■ **Data provided**:
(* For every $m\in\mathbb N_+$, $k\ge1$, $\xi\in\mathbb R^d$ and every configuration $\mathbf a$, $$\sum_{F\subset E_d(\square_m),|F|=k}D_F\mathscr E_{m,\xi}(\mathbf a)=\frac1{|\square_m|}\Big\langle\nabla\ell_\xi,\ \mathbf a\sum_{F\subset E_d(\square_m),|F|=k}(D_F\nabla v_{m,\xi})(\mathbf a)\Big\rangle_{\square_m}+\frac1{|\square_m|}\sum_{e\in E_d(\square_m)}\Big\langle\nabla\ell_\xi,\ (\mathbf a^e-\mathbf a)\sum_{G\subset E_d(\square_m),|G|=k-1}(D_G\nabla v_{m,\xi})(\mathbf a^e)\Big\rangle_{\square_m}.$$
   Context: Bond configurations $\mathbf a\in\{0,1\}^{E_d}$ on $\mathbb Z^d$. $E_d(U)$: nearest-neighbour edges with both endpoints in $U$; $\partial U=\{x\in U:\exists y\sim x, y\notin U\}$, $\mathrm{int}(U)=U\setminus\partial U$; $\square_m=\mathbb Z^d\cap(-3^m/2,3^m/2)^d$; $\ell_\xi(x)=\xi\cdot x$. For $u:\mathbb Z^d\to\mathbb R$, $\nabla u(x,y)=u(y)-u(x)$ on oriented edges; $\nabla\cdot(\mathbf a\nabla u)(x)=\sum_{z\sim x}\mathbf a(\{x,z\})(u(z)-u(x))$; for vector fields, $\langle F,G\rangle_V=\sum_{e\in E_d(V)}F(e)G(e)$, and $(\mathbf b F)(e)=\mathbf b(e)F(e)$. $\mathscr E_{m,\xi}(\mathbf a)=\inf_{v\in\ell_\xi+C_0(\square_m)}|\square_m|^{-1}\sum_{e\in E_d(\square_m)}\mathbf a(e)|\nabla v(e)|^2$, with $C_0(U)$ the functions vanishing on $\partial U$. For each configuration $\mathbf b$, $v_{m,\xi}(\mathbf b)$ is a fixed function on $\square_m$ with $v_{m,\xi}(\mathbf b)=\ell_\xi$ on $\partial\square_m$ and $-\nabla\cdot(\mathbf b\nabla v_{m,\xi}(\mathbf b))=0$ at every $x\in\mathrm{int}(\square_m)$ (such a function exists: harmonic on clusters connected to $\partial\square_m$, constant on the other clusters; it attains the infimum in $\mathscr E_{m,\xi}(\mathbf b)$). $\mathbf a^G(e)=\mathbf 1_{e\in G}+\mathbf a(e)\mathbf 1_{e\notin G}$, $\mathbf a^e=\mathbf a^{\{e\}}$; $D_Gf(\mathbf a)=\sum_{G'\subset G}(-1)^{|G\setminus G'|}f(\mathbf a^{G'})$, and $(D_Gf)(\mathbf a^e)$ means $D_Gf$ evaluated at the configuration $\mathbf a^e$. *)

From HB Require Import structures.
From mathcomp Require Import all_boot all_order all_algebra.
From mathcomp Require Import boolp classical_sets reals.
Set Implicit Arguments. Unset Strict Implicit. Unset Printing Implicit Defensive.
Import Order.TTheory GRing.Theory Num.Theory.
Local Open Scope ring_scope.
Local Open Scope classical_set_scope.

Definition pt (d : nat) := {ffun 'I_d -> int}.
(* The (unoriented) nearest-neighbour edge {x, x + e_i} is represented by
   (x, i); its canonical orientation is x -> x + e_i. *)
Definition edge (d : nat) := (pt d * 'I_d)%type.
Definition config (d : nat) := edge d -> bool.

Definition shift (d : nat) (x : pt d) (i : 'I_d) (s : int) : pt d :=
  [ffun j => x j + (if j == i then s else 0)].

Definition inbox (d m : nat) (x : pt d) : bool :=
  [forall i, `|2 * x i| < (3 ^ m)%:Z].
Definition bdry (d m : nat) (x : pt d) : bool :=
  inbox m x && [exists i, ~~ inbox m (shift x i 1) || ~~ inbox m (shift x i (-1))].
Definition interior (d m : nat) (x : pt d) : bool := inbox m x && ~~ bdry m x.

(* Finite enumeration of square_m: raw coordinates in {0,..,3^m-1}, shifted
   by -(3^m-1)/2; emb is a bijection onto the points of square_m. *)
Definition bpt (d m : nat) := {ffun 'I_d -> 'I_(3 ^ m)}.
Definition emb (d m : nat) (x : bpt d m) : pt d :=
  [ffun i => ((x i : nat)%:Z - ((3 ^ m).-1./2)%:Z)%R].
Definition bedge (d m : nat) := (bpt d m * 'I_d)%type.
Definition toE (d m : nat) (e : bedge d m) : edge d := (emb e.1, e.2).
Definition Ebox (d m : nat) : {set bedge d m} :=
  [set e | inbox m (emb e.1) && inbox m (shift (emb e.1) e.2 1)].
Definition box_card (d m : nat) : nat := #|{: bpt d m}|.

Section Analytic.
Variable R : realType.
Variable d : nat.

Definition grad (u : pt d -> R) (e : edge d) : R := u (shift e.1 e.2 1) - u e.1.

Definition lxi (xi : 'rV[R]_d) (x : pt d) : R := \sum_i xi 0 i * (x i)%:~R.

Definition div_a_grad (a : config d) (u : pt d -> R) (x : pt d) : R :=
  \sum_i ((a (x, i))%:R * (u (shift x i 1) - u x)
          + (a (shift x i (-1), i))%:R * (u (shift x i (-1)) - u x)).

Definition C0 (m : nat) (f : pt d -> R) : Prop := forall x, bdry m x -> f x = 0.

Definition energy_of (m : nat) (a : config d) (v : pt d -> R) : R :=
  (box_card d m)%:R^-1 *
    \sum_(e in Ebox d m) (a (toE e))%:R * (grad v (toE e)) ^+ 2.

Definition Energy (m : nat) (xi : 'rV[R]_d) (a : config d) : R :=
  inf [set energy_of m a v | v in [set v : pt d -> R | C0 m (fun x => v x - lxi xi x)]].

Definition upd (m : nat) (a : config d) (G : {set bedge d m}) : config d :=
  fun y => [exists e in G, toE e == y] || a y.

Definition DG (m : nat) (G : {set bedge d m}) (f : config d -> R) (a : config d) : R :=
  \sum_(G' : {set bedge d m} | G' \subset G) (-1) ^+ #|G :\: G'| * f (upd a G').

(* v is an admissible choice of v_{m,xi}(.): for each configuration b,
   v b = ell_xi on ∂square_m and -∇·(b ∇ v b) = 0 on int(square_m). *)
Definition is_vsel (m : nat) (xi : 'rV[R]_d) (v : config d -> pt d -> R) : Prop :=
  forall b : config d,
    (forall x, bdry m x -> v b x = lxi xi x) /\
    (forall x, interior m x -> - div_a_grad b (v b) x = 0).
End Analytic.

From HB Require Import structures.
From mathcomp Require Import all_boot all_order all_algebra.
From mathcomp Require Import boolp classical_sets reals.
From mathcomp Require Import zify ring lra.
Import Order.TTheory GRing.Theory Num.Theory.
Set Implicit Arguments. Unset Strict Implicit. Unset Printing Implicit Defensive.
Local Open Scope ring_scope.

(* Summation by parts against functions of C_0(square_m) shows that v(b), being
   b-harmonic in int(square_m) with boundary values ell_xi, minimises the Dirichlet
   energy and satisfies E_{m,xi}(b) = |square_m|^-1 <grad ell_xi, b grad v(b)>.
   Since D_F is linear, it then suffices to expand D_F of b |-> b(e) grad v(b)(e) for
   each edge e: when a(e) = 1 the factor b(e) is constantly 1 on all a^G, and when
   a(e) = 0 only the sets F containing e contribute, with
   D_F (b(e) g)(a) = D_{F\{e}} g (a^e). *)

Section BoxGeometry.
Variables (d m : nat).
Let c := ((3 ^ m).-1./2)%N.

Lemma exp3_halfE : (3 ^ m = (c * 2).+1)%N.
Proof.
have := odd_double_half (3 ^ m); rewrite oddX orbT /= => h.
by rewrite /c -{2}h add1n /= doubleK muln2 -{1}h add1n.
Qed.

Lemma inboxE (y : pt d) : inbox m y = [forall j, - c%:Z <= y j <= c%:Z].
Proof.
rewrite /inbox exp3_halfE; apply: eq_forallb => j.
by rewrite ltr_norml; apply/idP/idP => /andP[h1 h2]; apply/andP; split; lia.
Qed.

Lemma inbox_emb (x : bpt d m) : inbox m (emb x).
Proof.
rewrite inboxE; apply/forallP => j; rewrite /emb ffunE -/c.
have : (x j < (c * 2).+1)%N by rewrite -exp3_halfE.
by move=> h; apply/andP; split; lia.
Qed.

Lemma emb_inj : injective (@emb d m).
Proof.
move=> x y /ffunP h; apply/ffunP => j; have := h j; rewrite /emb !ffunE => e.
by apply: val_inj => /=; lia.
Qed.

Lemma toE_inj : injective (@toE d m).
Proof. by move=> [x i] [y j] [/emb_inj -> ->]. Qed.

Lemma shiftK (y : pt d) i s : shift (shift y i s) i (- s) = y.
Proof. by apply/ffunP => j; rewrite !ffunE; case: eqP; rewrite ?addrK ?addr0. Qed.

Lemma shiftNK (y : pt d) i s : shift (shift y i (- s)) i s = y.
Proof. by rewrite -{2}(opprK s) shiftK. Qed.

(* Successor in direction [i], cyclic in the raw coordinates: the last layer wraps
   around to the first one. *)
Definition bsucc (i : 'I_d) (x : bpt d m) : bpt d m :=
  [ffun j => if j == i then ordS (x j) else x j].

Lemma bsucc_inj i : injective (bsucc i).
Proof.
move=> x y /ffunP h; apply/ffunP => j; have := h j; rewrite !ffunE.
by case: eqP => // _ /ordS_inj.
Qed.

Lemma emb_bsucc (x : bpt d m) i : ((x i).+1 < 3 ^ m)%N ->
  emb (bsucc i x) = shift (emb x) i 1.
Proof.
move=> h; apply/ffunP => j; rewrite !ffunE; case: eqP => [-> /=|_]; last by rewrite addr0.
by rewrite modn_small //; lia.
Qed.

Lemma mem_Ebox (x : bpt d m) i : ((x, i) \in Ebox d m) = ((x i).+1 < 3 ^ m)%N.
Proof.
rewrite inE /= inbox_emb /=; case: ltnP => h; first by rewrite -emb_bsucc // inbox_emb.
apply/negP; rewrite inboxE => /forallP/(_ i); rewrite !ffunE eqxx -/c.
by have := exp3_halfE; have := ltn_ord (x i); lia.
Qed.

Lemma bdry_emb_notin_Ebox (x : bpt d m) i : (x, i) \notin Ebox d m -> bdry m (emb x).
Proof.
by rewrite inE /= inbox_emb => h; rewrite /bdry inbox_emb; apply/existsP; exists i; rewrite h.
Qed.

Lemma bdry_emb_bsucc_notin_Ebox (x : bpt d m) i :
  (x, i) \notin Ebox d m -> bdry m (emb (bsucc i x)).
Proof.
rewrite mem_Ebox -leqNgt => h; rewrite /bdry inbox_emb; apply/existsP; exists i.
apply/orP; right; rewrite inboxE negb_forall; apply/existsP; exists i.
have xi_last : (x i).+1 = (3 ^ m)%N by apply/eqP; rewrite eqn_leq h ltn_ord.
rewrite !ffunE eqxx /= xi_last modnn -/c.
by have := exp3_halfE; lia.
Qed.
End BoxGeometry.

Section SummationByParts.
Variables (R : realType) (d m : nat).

* * *

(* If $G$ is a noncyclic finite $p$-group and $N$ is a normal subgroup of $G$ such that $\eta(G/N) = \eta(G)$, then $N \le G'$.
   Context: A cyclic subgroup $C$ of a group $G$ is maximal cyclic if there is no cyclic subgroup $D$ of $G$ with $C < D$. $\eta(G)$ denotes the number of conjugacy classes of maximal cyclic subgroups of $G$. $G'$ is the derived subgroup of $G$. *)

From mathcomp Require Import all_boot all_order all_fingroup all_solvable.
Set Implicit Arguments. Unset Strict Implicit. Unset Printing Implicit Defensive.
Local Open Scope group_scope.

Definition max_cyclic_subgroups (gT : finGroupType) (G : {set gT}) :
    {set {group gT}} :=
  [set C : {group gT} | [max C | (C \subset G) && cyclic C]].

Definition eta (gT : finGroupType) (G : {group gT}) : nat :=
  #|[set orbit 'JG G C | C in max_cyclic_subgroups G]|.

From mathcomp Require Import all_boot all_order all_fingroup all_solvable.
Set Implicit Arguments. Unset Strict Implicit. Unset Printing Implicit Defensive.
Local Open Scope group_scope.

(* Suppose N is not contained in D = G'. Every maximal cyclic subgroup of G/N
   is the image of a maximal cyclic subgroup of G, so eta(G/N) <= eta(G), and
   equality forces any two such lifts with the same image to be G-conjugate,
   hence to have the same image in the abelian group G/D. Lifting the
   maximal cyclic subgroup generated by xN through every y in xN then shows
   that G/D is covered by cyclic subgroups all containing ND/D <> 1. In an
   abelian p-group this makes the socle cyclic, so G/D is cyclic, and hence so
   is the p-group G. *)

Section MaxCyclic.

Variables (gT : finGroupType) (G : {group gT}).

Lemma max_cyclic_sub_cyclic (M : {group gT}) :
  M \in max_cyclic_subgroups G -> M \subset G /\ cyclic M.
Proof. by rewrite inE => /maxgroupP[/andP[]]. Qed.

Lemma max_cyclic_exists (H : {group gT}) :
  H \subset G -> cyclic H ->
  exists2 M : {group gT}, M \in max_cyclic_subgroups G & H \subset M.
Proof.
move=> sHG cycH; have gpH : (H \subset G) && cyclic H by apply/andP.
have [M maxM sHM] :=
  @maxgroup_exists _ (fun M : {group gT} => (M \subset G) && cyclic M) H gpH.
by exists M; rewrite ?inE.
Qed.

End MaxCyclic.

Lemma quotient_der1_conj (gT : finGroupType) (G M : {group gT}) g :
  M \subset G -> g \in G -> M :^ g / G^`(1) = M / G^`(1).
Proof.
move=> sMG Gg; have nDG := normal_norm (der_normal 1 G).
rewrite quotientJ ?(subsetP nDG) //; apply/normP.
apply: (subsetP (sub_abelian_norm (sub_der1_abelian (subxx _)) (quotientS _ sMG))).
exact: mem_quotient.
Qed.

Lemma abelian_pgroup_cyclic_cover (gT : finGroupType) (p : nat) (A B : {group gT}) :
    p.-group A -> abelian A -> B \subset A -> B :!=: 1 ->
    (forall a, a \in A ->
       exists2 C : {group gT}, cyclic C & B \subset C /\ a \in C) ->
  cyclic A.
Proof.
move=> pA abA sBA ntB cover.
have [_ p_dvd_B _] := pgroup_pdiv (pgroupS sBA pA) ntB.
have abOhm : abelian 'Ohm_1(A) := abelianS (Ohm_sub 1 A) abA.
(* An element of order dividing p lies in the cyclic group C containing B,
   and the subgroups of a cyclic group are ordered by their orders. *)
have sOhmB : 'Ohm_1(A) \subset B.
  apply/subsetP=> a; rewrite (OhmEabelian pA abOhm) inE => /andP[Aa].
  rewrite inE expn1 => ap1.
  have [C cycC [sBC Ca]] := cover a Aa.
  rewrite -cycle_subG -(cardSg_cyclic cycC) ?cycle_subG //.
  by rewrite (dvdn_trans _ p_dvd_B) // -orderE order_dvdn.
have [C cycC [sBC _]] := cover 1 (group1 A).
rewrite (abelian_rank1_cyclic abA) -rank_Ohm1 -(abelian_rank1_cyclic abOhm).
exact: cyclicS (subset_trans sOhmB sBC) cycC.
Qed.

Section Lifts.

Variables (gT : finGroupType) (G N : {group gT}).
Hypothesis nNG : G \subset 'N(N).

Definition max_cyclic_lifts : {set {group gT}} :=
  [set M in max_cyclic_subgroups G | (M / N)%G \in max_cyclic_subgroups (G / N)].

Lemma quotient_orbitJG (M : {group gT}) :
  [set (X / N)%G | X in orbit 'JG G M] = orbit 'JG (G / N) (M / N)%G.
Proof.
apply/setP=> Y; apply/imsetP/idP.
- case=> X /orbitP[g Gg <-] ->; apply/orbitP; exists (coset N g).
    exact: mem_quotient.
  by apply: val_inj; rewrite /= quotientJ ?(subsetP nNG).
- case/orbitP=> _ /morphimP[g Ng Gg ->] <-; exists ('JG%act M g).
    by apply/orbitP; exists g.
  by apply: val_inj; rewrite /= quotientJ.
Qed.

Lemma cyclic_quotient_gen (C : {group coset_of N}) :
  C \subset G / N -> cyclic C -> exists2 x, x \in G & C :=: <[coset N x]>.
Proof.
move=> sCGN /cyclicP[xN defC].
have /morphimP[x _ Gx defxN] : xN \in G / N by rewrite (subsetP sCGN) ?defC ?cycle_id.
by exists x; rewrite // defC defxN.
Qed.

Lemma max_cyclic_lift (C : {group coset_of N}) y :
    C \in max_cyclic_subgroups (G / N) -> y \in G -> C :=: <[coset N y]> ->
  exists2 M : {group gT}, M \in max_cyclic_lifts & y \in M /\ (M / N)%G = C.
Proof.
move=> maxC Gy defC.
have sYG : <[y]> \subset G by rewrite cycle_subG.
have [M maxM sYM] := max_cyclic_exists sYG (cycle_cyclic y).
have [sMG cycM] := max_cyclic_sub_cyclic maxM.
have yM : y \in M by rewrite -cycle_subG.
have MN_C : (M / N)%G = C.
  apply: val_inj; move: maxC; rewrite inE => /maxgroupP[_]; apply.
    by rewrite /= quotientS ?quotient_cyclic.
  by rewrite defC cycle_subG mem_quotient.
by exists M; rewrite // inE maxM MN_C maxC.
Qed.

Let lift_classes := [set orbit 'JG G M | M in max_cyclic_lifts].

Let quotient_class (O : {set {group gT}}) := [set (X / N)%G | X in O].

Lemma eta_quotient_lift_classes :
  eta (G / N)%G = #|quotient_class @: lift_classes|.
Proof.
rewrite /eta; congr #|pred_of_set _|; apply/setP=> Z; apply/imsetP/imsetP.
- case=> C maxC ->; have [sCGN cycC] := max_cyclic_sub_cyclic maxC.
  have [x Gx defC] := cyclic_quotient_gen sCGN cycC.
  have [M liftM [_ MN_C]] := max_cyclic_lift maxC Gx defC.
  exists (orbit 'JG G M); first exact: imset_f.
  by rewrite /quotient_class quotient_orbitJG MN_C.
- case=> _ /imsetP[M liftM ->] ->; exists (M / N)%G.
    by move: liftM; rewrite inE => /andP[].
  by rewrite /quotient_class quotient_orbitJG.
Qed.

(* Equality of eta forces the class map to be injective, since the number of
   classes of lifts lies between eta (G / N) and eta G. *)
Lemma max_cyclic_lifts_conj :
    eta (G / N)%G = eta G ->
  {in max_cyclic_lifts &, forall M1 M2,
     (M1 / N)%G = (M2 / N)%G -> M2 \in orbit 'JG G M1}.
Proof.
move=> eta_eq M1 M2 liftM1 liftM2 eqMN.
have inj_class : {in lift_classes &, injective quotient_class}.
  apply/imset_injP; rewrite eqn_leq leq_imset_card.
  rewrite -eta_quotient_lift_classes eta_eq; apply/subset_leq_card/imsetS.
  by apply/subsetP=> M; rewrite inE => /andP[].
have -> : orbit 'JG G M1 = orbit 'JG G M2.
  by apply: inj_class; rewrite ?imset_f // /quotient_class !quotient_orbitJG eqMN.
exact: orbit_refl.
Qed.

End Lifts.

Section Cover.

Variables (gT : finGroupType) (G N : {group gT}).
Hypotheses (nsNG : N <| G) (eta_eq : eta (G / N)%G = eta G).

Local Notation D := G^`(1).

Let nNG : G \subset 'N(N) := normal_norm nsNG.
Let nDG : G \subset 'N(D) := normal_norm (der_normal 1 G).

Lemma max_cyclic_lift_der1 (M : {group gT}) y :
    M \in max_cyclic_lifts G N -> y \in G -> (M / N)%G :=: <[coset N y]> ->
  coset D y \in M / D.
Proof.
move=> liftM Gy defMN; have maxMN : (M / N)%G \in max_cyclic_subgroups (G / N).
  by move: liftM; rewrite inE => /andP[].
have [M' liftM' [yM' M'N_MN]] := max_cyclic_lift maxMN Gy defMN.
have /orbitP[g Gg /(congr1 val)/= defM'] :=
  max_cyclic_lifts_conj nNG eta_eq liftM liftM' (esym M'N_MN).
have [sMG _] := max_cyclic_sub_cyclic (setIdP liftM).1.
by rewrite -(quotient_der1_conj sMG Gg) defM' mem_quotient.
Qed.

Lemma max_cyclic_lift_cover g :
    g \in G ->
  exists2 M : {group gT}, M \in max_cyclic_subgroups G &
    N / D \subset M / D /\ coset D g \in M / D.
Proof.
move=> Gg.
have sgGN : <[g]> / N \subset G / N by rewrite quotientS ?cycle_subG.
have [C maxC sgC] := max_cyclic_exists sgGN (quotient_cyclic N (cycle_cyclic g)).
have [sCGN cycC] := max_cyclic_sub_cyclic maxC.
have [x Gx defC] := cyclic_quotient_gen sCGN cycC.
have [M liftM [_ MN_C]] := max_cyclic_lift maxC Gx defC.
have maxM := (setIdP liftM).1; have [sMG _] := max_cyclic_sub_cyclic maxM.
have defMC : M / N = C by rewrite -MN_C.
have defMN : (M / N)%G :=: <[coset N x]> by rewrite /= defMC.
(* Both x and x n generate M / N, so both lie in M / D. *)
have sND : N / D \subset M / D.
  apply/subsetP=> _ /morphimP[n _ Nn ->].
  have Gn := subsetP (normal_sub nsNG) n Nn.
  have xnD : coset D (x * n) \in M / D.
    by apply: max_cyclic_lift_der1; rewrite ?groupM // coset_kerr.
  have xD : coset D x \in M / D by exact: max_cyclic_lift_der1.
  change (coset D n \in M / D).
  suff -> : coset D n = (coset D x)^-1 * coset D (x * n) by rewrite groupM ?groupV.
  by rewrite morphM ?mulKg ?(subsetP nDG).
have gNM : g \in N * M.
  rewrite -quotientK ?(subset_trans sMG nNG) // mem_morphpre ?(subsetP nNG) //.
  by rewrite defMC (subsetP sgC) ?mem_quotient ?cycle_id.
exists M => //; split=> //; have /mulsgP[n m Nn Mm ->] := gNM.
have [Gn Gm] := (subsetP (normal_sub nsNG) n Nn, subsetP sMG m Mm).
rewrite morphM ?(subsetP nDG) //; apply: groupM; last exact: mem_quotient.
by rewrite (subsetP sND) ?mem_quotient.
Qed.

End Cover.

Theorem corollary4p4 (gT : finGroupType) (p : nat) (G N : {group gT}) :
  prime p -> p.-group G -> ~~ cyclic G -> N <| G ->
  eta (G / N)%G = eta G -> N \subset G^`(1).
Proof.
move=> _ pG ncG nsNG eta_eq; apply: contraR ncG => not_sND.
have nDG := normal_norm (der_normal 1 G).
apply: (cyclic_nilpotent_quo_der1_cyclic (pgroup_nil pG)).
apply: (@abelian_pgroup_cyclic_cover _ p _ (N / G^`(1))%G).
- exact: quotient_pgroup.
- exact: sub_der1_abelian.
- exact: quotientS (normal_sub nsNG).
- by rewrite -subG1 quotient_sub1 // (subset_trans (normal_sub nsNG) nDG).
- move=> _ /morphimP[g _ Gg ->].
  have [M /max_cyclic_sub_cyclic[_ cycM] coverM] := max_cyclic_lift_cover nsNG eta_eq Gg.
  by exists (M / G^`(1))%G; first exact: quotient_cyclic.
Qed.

■ **Work request**:
Beginning with the line containing "have [C cycC [sBC _]] := cover 1 (group1 A)." in the material above, copy every line exactly until you have copied the line containing "Hypothesis nNG : G \subset 'N(N).".

■ **Answer section**:
have [C cycC [sBC _]] := cover 1 (group1 A).
rewrite (abelian_rank1_cyclic abA) -rank_Ohm1 -(abelian_rank1_cyclic abOhm).
exact: cyclicS (subset_trans sOhmB sBC) cycC.
Qed.

Section Lifts.

Variables (gT : finGroupType) (G N : {group gT}).
Hypothesis nNG : G \subset 'N(N).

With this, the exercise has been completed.